My 7 months old kittens have been going out during the day for a few weeks now. There used to be a hole in my neighbours fence which my kittens used to get in and out, however it has now been blocked up. So yesterday when I got in from work and called them in from dinner I could hear one of them crying next door. No matter what I did to encourage her she wouldn't even attempt to climb the fence (it's a 6 foot fence). It's weird because my other kitten seems to have no problem with fences this big. My question is do cats get better at jumping / climbing fences with age? It is possible she will eventually learn that it's best not to go in that garden? My neighbour was fine with me going round and lifting her over the fence (don't want to carry her back as currently neither of them venture out the front which I'm pleased about). I've just got visions that for the rest of their lives I'll have to knock every evening to get her back, anyone got any experience of their kittens doing this?
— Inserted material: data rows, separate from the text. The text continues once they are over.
(* Registers: r0 = output base n + sigma + 3, r1 = n, r2 = sigma, r3 = j,
   r4 = w[j], r5 = current letter x, r6 = running maximum of last occurrences,
   r7 = number of emitted edges, r8 = address of the next output triple,
   r9 = n + 2, r10 and r11 scratch, and the constants r12 = 1, r13 = 2, r15 = 0,
   which double as the codes of Right, Down and Up.  Cell n + 2 + x holds
   P_w[j - 1, x].  Entry points: 9 next position, 24 scan of the letters below
   w[j], 43 scan of the letters above w[j], 63 halt. *)
Definition neg_prog : seq instr :=
  [:: IConst 12 1; ILoad 1 15; ILoad 2 12; IConst 13 2; IAdd 9 1 13;
      IAdd 0 9 2; IAdd 0 0 12; IAdd 8 0 12; IConst 3 1;
      IJlt 1 3 63; IAdd 10 3 12; ILoad 4 10; IAdd 10 9 4; ILoad 11 10; IJz 11 22]
  ++ emit_code 12 ++
  [:: IAdd 6 11 15; ISub 5 4 12;
      IJz 5 40; IAdd 10 9 5; ILoad 11 10; IJlt 6 11 30; ISub 5 5 12; IJz 15 24]
  ++ emit_code 15 ++
  [:: IAdd 6 11 15; ISub 5 5 12; IJz 15 24;
      IAdd 10 9 4; ILoad 6 10; IAdd 5 4 12;
      IJlt 2 5 59; IAdd 10 9 5; ILoad 11 10; IJlt 6 11 49; IAdd 5 5 12; IJz 15 43]
  ++ emit_code 13 ++
  [:: IAdd 6 11 15; IAdd 5 5 12; IJz 15 43;
      IAdd 10 9 4; IStore 10 3; IAdd 3 3 12; IJz 15 9;
      IStore 0 7; IHalt].

Definition emit_regs (R : nat -> nat) :=
  upd (upd (upd (upd R 10 (R 8).+1) 10 (R 8).+2) 8 (R 8).+3) 7 (R 7).+1.
Definition emit_mem (R M : nat -> nat) lr :=
  upd (upd (upd M (R 8) (R 11)) (R 8).+1 (R 3)) (R 8).+2 (R lr).

Lemma emit_regsE R r : emit_regs R r =
  if r == 7 then (R 7).+1 else if r == 8 then (R 8).+3
  else if r == 10 then (R 8).+2 else R r.
Proof. by rewrite /emit_regs !updE; do 3 case: eqP => //. Qed.

Lemma runs_emit B p lr R M K Q : take 7 (drop p neg_prog) = emit_code lr ->
  lr != 10 -> R 12 = 1 -> R 7 < B -> R 8 + 3 <= B ->
  Runs neg_prog B K (Cfg (7 + p) (emit_regs R) (emit_mem R M lr)) Q ->
  Runs neg_prog B (7 + K) (Cfg p R M) Q.
Proof.
move=> code lr_ne r12 r7 r8 run_K.
have fetch k : k < 7 -> nth IHalt neg_prog (k + p) = nth IHalt (emit_code lr) k.
  by move=> lt_k; rewrite -code nth_take // nth_drop addnC.
have p_lt k : k < 7 -> k + p < size neg_prog.
  move=> lt_k; have := congr1 size code; rewrite size_take size_drop /=.
  by case: ifP => [lt7 _ | _ E]; lia.
have step k t R' M' : k < 7 ->
  match exec B (nth IHalt (emit_code lr) k) (Cfg (k + p) R' M') with
  | Halted => Q (Cfg (k + p) R' M') | Next c' => Runs neg_prog B t c' Q | Fault => False
  end -> Runs neg_prog B t.+1 (Cfg (k + p) R' M') Q.
  by move=> lt_k; apply: runs_step (fetch k lt_k) (p_lt k lt_k).
apply: (step 0) => //=.
apply: (step 1) => //=; rewrite r12 ifT; last lia.
apply: (step 2) => //=; rewrite !updE /=.
apply: (step 3) => //=; rewrite !updE /= r12 ifT; last lia.
apply: (step 4) => //=; rewrite !updE /= (negbTE lr_ne).
apply: (step 5) => //=; rewrite !updE /= r12 ifT; last lia.
apply: (step 6) => //=; rewrite !updE /= r12 ifT; last lia.
by rewrite !addn1.
Qed.

Section Correctness.
Variables (w : seq nat) (sigma B : nat).
Hypothesis letters_bounded : forall x, x \in w -> 1 <= x <= sigma.
Hypothesis letters_occur : forall x, 1 <= x <= sigma -> x \in w.
Local Notation n := (size w).
Hypothesis B_large : 4 * (n + 2) * (n + 2) <= B.
Local Notation base := (n + sigma + 3).
Local Notation spec := (hoare neg_prog B).

Lemma sigma_leq_n : sigma <= n.
Proof.
rewrite -[sigma](size_iota 1); apply: uniq_leq_size (iota_uniq _ _) _ => x.
by rewrite mem_iota => x_in; apply: letters_occur; lia.
Qed.

Lemma wat_in_alphabet j : 1 <= j <= n -> 1 <= wat w j <= sigma.
Proof.
move=> j_in; have lt_j : j.-1 < n by lia.
exact/letters_bounded/(mem_nth 0 lt_j).
Qed.

Lemma emit_fits m : m <= n * sigma + n -> base + 4 + 3 * m <= B.
Proof. by have := sigma_leq_n; nia. Qed.

Lemma count_fits j m : 1 <= j <= n -> m <= j.-1 * sigma.+1 + sigma.+1 ->
  base + 4 + 3 * m <= B.
Proof.
move=> j_in le_m; apply: emit_fits; rewrite addnC -mulnS.
by apply: leq_trans le_m _; rewrite addnC -mulSn prednK ?leq_mul2r; lia.
Qed.

Definition triple_at (M : nat -> nat) k :=
  (M (base + 1 + 3 * k), M (base + 2 + 3 * k), M (base + 3 + 3 * k)).

Definition Emitted M m (D : nat -> nat -> label -> Prop) :=
  (forall k, k < m ->
     exists i j l, triple_at M k = (i, j, label_code l) /\ neg_edge w i j l) /\
  (forall i j l, neg_edge w i j l -> D i j l ->
     exists2 k, k < m & triple_at M k = (i, j, label_code l)).

Lemma Emitted_cover M m D D' : Emitted M m D ->
  (forall i j l, neg_edge w i j l -> D' i j l -> D i j l) -> Emitted M m D'.
Proof. by move=> [sound complete] DD'; split=> // i j l e /(DD' _ _ _ e); apply: complete. Qed.

Lemma Emitted_upd M m D a v : Emitted M m D -> a <= base -> Emitted (upd M a v) m D.
Proof.
move=> [sound complete] a_le.
have same k : triple_at (upd M a v) k = triple_at M k.
  by rewrite /triple_at !updE; do 3 (case: eqP => [?|_]; first lia).
split=> [k /sound | i j l e /(complete _ _ _ e) [k lt_k Ek]]; first by rewrite same.
by exists k; rewrite ?same.
Qed.

Lemma Emitted_emit M m D i j l : Emitted M m D -> neg_edge w i j l ->
  Emitted (upd (upd (upd M (base + 1 + 3 * m) i) (base + 2 + 3 * m) j)
               (base + 3 + 3 * m) (label_code l)) m.+1
    (fun a b c => D a b c \/ [/\ a = i, b = j & c = l]).
Proof.
move=> [sound complete] e; set M' := upd _ _ _.
have old k : k < m -> triple_at M' k = triple_at M k.
  by move=> lt_k; rewrite /triple_at /M' !updE; do 9 (case: eqP => [?|_]; first lia).
have new : triple_at M' m = (i, j, label_code l).
  by rewrite /triple_at /M' !updE !eqxx /=; do 3 (case: eqP => [?|_]; first lia).
split=> [k | a b c e' [/(complete _ _ _ e') [k lt_k Ek] | [-> -> ->]]].
- rewrite ltnS leq_eqVlt => /orP[/eqP -> | lt_k]; first by exists i, j, l.
  by rewrite old //; apply: sound.
- by exists k; rewrite ?old //; lia.
- by exists m.
Qed.

Definition InputIntact (M : nat -> nat) :=
  forall a, a < n.+2 -> M a = Defs.mem (init_cfg w sigma) a.

Lemma input_wat M j : InputIntact M -> 1 <= j <= n -> M (j + 1) = wat w j.
Proof.
move=> input j_in; rewrite input /=; last lia.
do 2 (case: eqP => [?|_]; first lia).
by rewrite ifT; [congr nth | ]; lia.
Qed.

Definition LastTable (M : nat -> nat) j :=
  forall x, 1 <= x <= sigma -> M (n + 2 + x) = Pw w j.-1 x.

Lemma LastTable_next M j : LastTable M j -> 1 <= j <= n ->
  LastTable (upd M (n + 2 + wat w j) j) j.+1.
Proof.
move=> last j_in x x_in; have := wat_in_alphabet j_in.
rewrite updE /= -[in Pw w j _](prednK (_ : 0 < j)) ?PwS ?prednK; try lia.
by case: eqP => [|ne]; case: eqP => [|ne'] //; try lia; rewrite last.
Qed.

Definition ConstRegs (R : nat -> nat) :=
  [/\ R 0 = base, R 1 = n, R 2 = sigma, R 9 = n + 2 &
      [/\ R 12 = 1, R 13 = 2 & R 15 = 0]].

Record State j m D (R M : nat -> nat) : Prop := {
  state_consts : ConstRegs R;
  state_pos : R 3 = j;
  state_count : R 7 = m;
  state_ptr : R 8 = base + 1 + 3 * m;
  state_input : InputIntact M;
  state_last : LastTable M j;
  state_out : Emitted M m D }.

Lemma State_upd_reg j m D R M r v : State j m D R M ->
  r \notin [:: 0; 1; 2; 3; 7; 8; 9; 12; 13; 15] -> State j m D (upd R r v) M.
Proof.
case=> [[r0 r1 r2 r9 [r12 r13 r15]] r3 r7 r8 input last out]; rewrite !inE => r_ne.
by split=> //; try split; try split; rewrite updE; case: eqP => // Er; move: r_ne; rewrite -Er.
Qed.

Lemma State_cover j m D D' R M : State j m D R M ->
  (forall i j' l, neg_edge w i j' l -> D' i j' l -> D i j' l) -> State j m D' R M.
Proof. by case=> *; split=> //; apply: Emitted_cover; eauto. Qed.

Lemma State_emit j m D R M lr l : State j m D R M -> R lr = label_code l ->
  neg_edge w (R 11) j l ->
  State j m.+1 (fun a b c => D a b c \/ [/\ a = R 11, b = j & c = l])
    (emit_regs R) (emit_mem R M lr).
Proof.
case=> [[r0 r1 r2 r9 [r12 r13 r15]] r3 r7 r8 input last out] rl e.
rewrite /emit_regs /emit_mem.
split; rewrite ?updE /=; try lia.
- by split; rewrite !updE.
- by move=> a a_lt; rewrite !updE; do 3 (case: eqP => [?|_]; first lia); apply: input.
- by move=> x x_in; rewrite !updE; do 3 (case: eqP => [?|_]; first lia); apply: last.
- rewrite r8 r3 rl.
  have -> : (base + 1 + 3 * m).+1 = base + 2 + 3 * m by lia.
  have -> : (base + 2 + 3 * m).+1 = base + 3 + 3 * m by lia.
  exact: Emitted_emit.
Qed.

Definition head_inv j : assertion := fun R M =>
  exists2 m, State j m (fun _ b _ => b < j) R M & m <= j.-1 * sigma.+1.

Definition up_inv j x : assertion := fun R M =>
  exists2 m, State j m (up_done w j x) R M &
  [/\ R 4 = wat w j, R 5 = x, R 6 = last_max w j x.+1 (wat w j).+1,
      x < wat w j & m + x <= j.-1 * sigma.+1 + wat w j].

Definition down_inv j x : assertion := fun R M =>
  exists2 m, State j m (down_done w j x) R M &
  [/\ R 4 = wat w j, R 5 = x, R 6 = last_max w j (wat w j) x,
      wat w j < x <= sigma.+1 & m < j.-1 * sigma.+1 + x].

Ltac rw_regs := repeat match goal with
  | H : ?R ?k = _ |- context [?R ?k] => is_var R; rewrite H
  end.
Ltac read_regs := rewrite /= ?updE /= ?emit_regsE /= ?updE /=; rw_regs; rewrite /=.
Ltac run_instr := apply: runs_step;
  [cbv [nth neg_prog cat emit_code]; reflexivity | by [] | cbn [exec]; read_regs].
Ltac fits := rewrite ifT; last lia.
Ltac no_jump := rewrite ifF; last (apply/negbTE; lia).
Ltac frame_regs := repeat (apply: State_upd_reg; last by []).

Lemma runs_init Q K :
  (forall R M, head_inv 1 R M -> Runs neg_prog B K (Cfg 9 R M) Q) ->
  Runs neg_prog B (9 + K) (init_cfg w sigma) Q.
Proof.
move=> post; have := emit_fits (leq0n (n * sigma + n)); rewrite muln0 addn0 => fit.
rewrite /init_cfg; do 9 (run_instr; fits).
apply: post; exists 0 => //; split; rewrite ?updE //=; try lia.
- by rewrite /ConstRegs !updE /=; split; try split; lia.
- move=> x x_in /=; rewrite Pw0; do 2 (case: eqP => [?|_]; first lia).
  by rewrite ifF //; lia.
- by split=> [k // | i j l [i_gt0 ij _ _] /=]; lia.
Qed.

Lemma hoare_right_edge j : 1 <= j <= n -> spec 9 (head_inv j) 24 (up_inv j (wat w j).-1) 15.
Proof.
move=> j_in Q K R M [m St le_m] post.
have [[r0 r1 r2 r9 [r12 r13 r15]] r3 r7 r8 input last out] := St.
have a_in := wat_in_alphabet j_in.
have fit : base + 4 + 3 * m <= B by apply: (count_fits j_in); lia.
have Pw_le := Pw_leq w j.-1 (wat w j).
run_instr; no_jump.
run_instr; fits.
run_instr; rewrite input_wat //; fits.
run_instr; fits.
run_instr; rewrite last //; fits.
run_instr; case: eqP => [Pw_0 | Pw_gt0].
- run_instr; fits. run_instr; fits.
  apply: (runs_mono _ (post _ _ _)); first lia.
  exists m; last first.
    read_regs; rewrite addn0 subn1 prednK ?last_max1; [split; lia | lia].
  frame_regs; apply: (State_cover St) => i j' l e /(up_done_start j_in e).
  by case=> [// | [Ei i_gt0 _ _]]; lia.
- apply: (runs_emit (lr := 12) (K := 2 + K)) => //; rewrite ?updE //=; try lia.
  run_instr; fits. run_instr; fits.
  apply: post; exists m.+1; last first.
    read_regs; rewrite addn0 subn1 prednK ?last_max1; [split; lia | lia].
  frame_regs; apply: State_cover; first apply: (State_emit (lr := 12) (l := Right)).
  + by frame_regs; exact: St.
  + by rewrite !updE.
  + by rewrite !updE /=; apply/neg_edge_RightP => //; lia.
  + move=> i j' l e /(up_done_start j_in e) [lt_j | [-> i_gt0 -> ->]]; [by left | by right].
Qed.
If only she would go the other side more as they have a lovely low fence and adore the kittens, not that the other side would ever be mean to them but they aren't really bothered about cats!

Thanks


----------



## hobbs2004 (Mar 12, 2010)

Hi! I had the same problem with mine when they were little. Our neighbour was kind enough to put on overturned recycling box on his side of the fence to give them a leg-up so to speak. That worked until they were bigger and could jump the fence no probs (or had the confidence to do so!).


----------



## Loulabella1 (Nov 18, 2009)

Your reply has made me feel so much better, so thank you. Now you've given me an idea, there is a big black garden bin in one corner so next time (if there is a next time) I have to "rescue" her, I'll pop her on the bin and encourage her to jump up. I'm happy to provide something if he doesn't mind having something extra in his garden. I just feel bad as don't want it to become annoying, they are my cats and shouldn't make other peoples lives more difficult. Hopefuly she'll start jumping higher soon.

Thanks again, feel like I can stop worrying all day at work about whether I'll have to knock again!


----------